━━ RECORDS SHOWN ━━
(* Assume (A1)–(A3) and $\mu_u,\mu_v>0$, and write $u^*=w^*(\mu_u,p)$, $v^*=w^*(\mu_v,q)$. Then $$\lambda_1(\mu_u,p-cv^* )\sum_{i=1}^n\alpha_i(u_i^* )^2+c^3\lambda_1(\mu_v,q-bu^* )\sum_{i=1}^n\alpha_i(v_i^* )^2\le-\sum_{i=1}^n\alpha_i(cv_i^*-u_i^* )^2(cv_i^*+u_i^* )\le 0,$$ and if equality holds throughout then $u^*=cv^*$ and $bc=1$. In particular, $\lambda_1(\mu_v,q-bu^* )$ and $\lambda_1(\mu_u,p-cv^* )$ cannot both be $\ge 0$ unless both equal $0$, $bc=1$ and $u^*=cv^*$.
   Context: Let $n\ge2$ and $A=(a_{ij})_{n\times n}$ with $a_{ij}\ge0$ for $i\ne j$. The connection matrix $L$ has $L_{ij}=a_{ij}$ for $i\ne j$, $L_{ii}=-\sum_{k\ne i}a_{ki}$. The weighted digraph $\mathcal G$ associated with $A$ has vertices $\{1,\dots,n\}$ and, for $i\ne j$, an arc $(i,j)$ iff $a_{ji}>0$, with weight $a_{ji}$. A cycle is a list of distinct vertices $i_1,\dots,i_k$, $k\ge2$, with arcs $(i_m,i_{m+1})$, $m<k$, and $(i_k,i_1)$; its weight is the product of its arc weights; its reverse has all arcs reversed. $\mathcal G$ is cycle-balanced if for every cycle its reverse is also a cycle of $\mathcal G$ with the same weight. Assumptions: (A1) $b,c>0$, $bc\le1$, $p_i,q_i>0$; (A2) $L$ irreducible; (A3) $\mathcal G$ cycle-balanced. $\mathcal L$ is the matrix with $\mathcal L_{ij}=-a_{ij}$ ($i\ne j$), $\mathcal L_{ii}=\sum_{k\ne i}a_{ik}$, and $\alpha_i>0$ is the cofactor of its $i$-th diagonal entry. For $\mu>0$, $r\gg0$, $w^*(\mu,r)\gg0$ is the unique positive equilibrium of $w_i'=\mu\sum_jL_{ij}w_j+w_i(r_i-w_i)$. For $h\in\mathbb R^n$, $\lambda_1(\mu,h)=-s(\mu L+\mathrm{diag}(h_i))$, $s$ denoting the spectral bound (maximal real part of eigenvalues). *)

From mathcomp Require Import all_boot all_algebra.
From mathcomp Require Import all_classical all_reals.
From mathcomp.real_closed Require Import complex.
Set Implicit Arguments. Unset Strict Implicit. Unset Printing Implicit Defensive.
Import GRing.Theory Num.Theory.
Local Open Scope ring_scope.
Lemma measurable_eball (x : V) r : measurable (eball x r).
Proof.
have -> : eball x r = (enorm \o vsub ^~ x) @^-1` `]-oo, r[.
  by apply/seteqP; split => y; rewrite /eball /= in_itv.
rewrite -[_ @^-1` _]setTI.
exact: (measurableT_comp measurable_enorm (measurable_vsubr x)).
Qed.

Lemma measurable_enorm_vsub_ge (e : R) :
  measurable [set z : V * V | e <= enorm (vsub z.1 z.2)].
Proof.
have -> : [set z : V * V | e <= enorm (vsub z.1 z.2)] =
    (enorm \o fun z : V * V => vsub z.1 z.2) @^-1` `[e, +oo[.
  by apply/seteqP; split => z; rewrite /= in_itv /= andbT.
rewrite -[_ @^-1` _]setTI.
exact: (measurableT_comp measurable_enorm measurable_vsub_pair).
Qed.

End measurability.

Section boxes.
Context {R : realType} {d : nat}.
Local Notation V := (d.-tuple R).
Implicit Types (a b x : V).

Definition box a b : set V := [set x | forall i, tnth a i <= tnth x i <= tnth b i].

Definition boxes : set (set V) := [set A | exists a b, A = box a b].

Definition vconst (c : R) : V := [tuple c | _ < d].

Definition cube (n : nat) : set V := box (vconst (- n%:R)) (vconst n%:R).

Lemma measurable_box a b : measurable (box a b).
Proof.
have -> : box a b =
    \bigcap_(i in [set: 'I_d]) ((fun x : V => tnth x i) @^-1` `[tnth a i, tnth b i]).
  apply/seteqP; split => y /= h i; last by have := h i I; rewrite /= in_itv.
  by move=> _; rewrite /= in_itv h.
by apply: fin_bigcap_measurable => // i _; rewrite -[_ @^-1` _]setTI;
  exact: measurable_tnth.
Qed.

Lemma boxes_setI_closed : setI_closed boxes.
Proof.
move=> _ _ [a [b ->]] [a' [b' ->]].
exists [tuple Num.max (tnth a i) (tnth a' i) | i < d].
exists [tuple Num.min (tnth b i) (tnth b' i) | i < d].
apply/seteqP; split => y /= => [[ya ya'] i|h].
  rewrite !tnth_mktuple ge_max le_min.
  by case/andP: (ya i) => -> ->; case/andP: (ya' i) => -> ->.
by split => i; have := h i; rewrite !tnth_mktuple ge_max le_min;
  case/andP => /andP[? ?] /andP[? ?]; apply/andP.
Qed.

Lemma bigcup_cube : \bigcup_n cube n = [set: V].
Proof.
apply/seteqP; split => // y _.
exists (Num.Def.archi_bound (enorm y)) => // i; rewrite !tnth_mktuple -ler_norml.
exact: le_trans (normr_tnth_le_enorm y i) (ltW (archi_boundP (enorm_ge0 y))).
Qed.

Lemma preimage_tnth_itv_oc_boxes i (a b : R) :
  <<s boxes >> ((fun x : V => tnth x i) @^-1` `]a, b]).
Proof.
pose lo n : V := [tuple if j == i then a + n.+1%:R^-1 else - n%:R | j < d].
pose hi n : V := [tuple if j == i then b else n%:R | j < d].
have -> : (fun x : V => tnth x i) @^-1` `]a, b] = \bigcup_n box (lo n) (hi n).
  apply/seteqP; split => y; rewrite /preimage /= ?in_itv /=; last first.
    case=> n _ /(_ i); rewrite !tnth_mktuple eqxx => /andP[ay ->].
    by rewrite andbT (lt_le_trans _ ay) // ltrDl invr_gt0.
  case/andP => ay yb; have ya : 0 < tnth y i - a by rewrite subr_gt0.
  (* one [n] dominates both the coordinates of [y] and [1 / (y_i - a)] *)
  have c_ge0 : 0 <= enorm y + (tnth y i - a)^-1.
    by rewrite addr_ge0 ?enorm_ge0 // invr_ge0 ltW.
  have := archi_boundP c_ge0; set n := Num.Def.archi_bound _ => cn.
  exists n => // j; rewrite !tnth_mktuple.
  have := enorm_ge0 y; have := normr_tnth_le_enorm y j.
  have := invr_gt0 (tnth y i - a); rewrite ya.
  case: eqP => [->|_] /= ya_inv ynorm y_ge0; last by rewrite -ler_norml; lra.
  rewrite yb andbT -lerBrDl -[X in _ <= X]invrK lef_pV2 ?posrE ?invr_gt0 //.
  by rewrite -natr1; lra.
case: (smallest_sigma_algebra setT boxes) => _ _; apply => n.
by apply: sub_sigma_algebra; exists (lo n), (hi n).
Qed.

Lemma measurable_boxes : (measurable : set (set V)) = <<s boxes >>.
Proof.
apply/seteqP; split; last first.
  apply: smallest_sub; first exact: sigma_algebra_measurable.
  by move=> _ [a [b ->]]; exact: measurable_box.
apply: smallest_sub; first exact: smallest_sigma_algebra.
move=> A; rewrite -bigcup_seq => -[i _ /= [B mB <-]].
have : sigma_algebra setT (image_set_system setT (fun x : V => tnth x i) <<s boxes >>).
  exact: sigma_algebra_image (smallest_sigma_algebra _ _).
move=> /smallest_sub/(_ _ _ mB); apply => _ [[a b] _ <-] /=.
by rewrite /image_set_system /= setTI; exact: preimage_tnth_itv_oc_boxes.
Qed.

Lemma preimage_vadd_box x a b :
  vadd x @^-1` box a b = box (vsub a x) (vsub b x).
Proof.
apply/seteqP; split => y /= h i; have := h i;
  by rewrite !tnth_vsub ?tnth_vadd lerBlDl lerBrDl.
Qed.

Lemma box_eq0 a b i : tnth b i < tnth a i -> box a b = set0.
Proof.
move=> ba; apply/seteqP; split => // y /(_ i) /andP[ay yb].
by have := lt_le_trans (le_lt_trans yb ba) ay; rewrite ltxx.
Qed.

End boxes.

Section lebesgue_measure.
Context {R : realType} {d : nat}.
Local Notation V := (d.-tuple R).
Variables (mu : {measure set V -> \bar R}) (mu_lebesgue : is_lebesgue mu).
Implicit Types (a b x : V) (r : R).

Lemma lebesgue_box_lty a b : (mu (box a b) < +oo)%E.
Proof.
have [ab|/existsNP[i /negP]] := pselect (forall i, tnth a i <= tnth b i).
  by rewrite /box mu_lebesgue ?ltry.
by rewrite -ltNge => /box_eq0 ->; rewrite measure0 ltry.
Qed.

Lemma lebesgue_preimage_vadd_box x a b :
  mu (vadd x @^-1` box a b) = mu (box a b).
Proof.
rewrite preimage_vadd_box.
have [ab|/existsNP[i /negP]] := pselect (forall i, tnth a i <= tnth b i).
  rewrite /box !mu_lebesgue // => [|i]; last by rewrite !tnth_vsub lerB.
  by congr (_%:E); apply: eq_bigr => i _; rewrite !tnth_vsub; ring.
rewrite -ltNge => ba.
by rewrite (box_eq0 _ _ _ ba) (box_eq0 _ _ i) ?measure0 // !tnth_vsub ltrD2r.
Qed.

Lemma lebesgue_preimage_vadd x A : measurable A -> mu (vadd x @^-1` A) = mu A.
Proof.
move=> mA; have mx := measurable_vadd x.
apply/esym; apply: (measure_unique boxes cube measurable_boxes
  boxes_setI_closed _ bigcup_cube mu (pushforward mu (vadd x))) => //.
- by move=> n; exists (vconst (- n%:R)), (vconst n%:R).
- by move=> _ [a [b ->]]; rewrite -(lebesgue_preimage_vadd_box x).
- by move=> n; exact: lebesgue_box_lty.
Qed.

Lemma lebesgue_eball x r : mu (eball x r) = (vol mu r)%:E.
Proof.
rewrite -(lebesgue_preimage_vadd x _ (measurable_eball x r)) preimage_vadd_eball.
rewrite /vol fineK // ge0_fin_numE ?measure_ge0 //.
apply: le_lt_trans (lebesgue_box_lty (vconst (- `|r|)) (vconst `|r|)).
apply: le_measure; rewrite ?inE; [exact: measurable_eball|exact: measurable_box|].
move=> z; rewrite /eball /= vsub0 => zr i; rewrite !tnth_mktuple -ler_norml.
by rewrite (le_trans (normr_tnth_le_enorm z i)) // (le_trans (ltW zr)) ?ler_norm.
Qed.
━━━
* _TASK DIRECTIONS_
Bring together every line in the entries that holds the string "setTI".

* _RESPONSE BOX_
rewrite -[_ @^-1` _]setTI.
rewrite -[_ @^-1` _]setTI.
by apply: fin_bigcap_measurable => // i _; rewrite -[_ @^-1` _]setTI;
by rewrite /image_set_system /= setTI; exact: preimage_tnth_itv_oc_boxes.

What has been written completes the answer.